Residents flee as trailer home burns near Bloomington (Video)
Jennifer Lee Preyss
March 30, 2012 at 10:05 p.m.
Updated March 29, 2012 at 10:30 p.m.
Sitting in a plastic lawn chair outside her trailer home, Angie Chavez buried her head in both hands and sobbed.
Her trailer home, located in the 1100 block of Farm-to-Market Road 1432 in Bloomington, caught fire at 4:13 p.m. Friday.
As the flames spread and destroyed the back side of her home, Chavez wiped the tears from her eyes and stared blankly at the firefighters aiming water at the flames.
"We don't have nowhere to go," she said. "And all my medicines I need for my Hepatitis C and my shots are in there."
Before the fire engulfed her kitchen, Chavez said she was frying onions in a pan. Then she heard a loud pop.

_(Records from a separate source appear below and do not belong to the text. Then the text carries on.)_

(* For every planar forest $F$: (1) $B^+(f_F)=f_{\bullet F}$, where $\bullet F$ is the forest obtained by placing the one-vertex tree $\bullet$ to the left of $F$; (2) $\gamma(f_F)=0$ if $F$ is not a tree, and $\gamma(f_F)=f_{B^-(F)}$ if $F$ is a tree, where $B^-(F)$ is the forest obtained by deleting the root of $F$; (3) $\Delta(f_F)=\sum_{F_1,F_2}f_{F_2}\otimes f_{F_1}$, the sum over all pairs of planar forests $(F_1,F_2)$ with $F_1F_2=F$.
   Context: Let $K$ be a field. Planar rooted trees have their children linearly ordered left to right; a planar forest is a finite, possibly empty, sequence $t_1\cdots t_n$ of planar rooted trees ($1$ = empty forest). $\mathcal{H}$ is the free associative unital $K$-algebra on planar rooted trees, with basis the planar forests and product concatenation, graded by weight (number of vertices). $B^+(F)$ is the tree obtained by grafting the trees of $F$ (in order) on a new common root. $\varepsilon(F)=\delta_{F,1}$. $\Delta$ is the unique linear map with $\Delta(1)=1\otimes1$, $\Delta(xy)=(x\otimes1)\Delta(y)+\Delta(x)(1\otimes y)-x\otimes y$, $\Delta(B^+(x))=B^+(x)\otimes 1+(\mathrm{Id}\otimes B^+)\Delta(x)$. $\gamma:\mathcal{H}\to\mathcal{H}$ is linear with $\gamma(t_1\cdots t_n)=\delta_{t_1,\bullet}t_2\cdots t_n$ ($\bullet$ the one-vertex tree) and $\gamma(1)=0$. $\langle-,-\rangle$ is the unique bilinear form on $\mathcal{H}$ with $\langle1,x\rangle=\varepsilon(x)$, $\langle xy,z\rangle=\langle y\otimes x,\Delta(z)\rangle$ (with $\langle a\otimes b,c\otimes d\rangle=\langle a,c\rangle\langle b,d\rangle$) and $\langle B^+(x),y\rangle=\langle x,\gamma(y)\rangle$; it is symmetric, non-degenerate, and forests of different weights are orthogonal. $(f_F)_F$ is the dual basis of the basis of forests: $f_F\in\mathcal{H}$ with $\langle f_F,G\rangle=\delta_{F,G}$ for all planar forests $G$. *)

From HB Require Import structures.
From mathcomp Require Import all_boot all_algebra.
Set Implicit Arguments. Unset Strict Implicit. Unset Printing Implicit Defensive.
Import GRing.Theory.
Local Open Scope ring_scope.

Inductive tree : Type := Node of seq tree.
(* Planar forests: finite sequences of planar trees; [::] is the empty forest 1. *)
Notation forest := (seq tree).

Fixpoint tree_enc (t : tree) : GenTree.tree unit :=
  let: Node ts := t in GenTree.Node 0 (map tree_enc ts).
Fixpoint tree_dec (g : GenTree.tree unit) : tree :=
  match g with
  | GenTree.Leaf _ => Node [::]
  | GenTree.Node _ gs => Node (map tree_dec gs)
  end.
Fixpoint tree_encK (t : tree) : tree_dec (tree_enc t) = t :=
  match t return tree_dec (tree_enc t) = t with
  | Node ts => f_equal Node
      ((fix aux (l : seq tree) : map tree_dec (map tree_enc l) = l :=
          match l return map tree_dec (map tree_enc l) = l with
          | [::] => erefl
          | x :: l' => f_equal2 cons (tree_encK x) (aux l')
          end) ts)
  end.
HB.instance Definition _ := Equality.copy tree (can_type tree_encK).

Definition bullet : tree := Node [::].

Section Hopf.
Variable K : fieldType.

(* Elements of H are represented as finite formal K-linear combinations of
   planar forests (lists of (coefficient, forest)); two representations denote
   the same element of H iff all their coefficients agree (heq).  Elements of
   H (x) H are formal combinations of pairs of forests (F1, F2) = F1 (x) F2. *)
Definition H := seq (K * forest).
Definition H2 := seq (K * (forest * forest)).

Definition coef (x : H) (G : forest) : K := \sum_(p <- x | p.2 == G) p.1.
Definition coef2 (x : H2) (G : forest * forest) : K := \sum_(p <- x | p.2 == G) p.1.
Definition heq (x y : H) : Prop := forall G, coef x G = coef y G.
Definition heq2 (x y : H2) : Prop := forall G, coef2 x G = coef2 y G.

Definition basis (F : forest) : H := [:: (1, F)].
Definition tensor (x y : H) : H2 := [seq (p.1 * q.1, (p.2, q.2)) | p <- x, q <- y].

Definition epsF (F : forest) : K := (F == [::])%:R.

Definition gammaF (F : forest) : H :=
  match F with
  | Node [::] :: G => [:: (1, G)]
  | _ => [::]
  end.

(* Coproduct on basis forests, defined by the recursion
   Delta(1) = 1(x)1,
   Delta(t G) = (t(x)1) Delta(G) + Delta(t) (1(x)G) - t(x)G,
   Delta(B+(F)) = B+(F)(x)1 + (Id (x) B+) Delta(F). *)
Definition deltaF_gen (dT : tree -> H2) : forest -> H2 :=
  fix dF (F : forest) : H2 :=
    match F with
    | [::] => [:: (1, ([::], [::]))]
    | s :: G =>
        [seq (p.1, (s :: p.2.1, p.2.2)) | p <- dF G]
        ++ [seq (p.1, (p.2.1, p.2.2 ++ G)) | p <- dT s]
        ++ [:: (-1, ([:: s], G))]
    end.
Fixpoint deltaT (t : tree) : H2 :=
  let: Node F := t in
  (1, ([:: t], [::])) ::
  [seq (p.1, (p.2.1, [:: Node p.2.2])) | p <- deltaF_gen deltaT F].
Definition deltaF : forest -> H2 := deltaF_gen deltaT.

Moments later, her mobile home caught fire, and she watched as smoke plumes filled the kitchen.
"I had just taken some medication and I was starting to nod off," the 57-year-old Bloomington resident, said. "I thought it was my onions popping."
Chavez and her husband, Willie Chavez, live in the residence together. Willie was not in the home when it caught fire.
For the past three years, the couple has lived rent-free in the home, which is owned by John Anderson, the homeowner of a main house located on ranch land at the same address.
The couple works the ranch for Anderson, cutting grass and tending to the animals, Chavez said.
Chavez's brother-in-law, Pedro Gutierrez, who was in the main house when the home caught fire, was the first to witness the the smoke and ran to the trailer to alert his sister-in-law.
"She was about to take a nap on the couch when it caught fire," said Chavez's sister Aurora Gutierrez, who also witnessed the fire start.
Anderson, who declined to be interviewed, said the trailer home did not have insurance.
No other structures were damaged in the fire.
Victoria Fire Department Battalion Chief Shannon Martin said the area of the home that caught fire appeared to be an addition to the original trailer. Though some areas of the home were undamaged, the structure was unlivable, Martin said.
The American Red Cross Crossroads chapter is assisting the couple.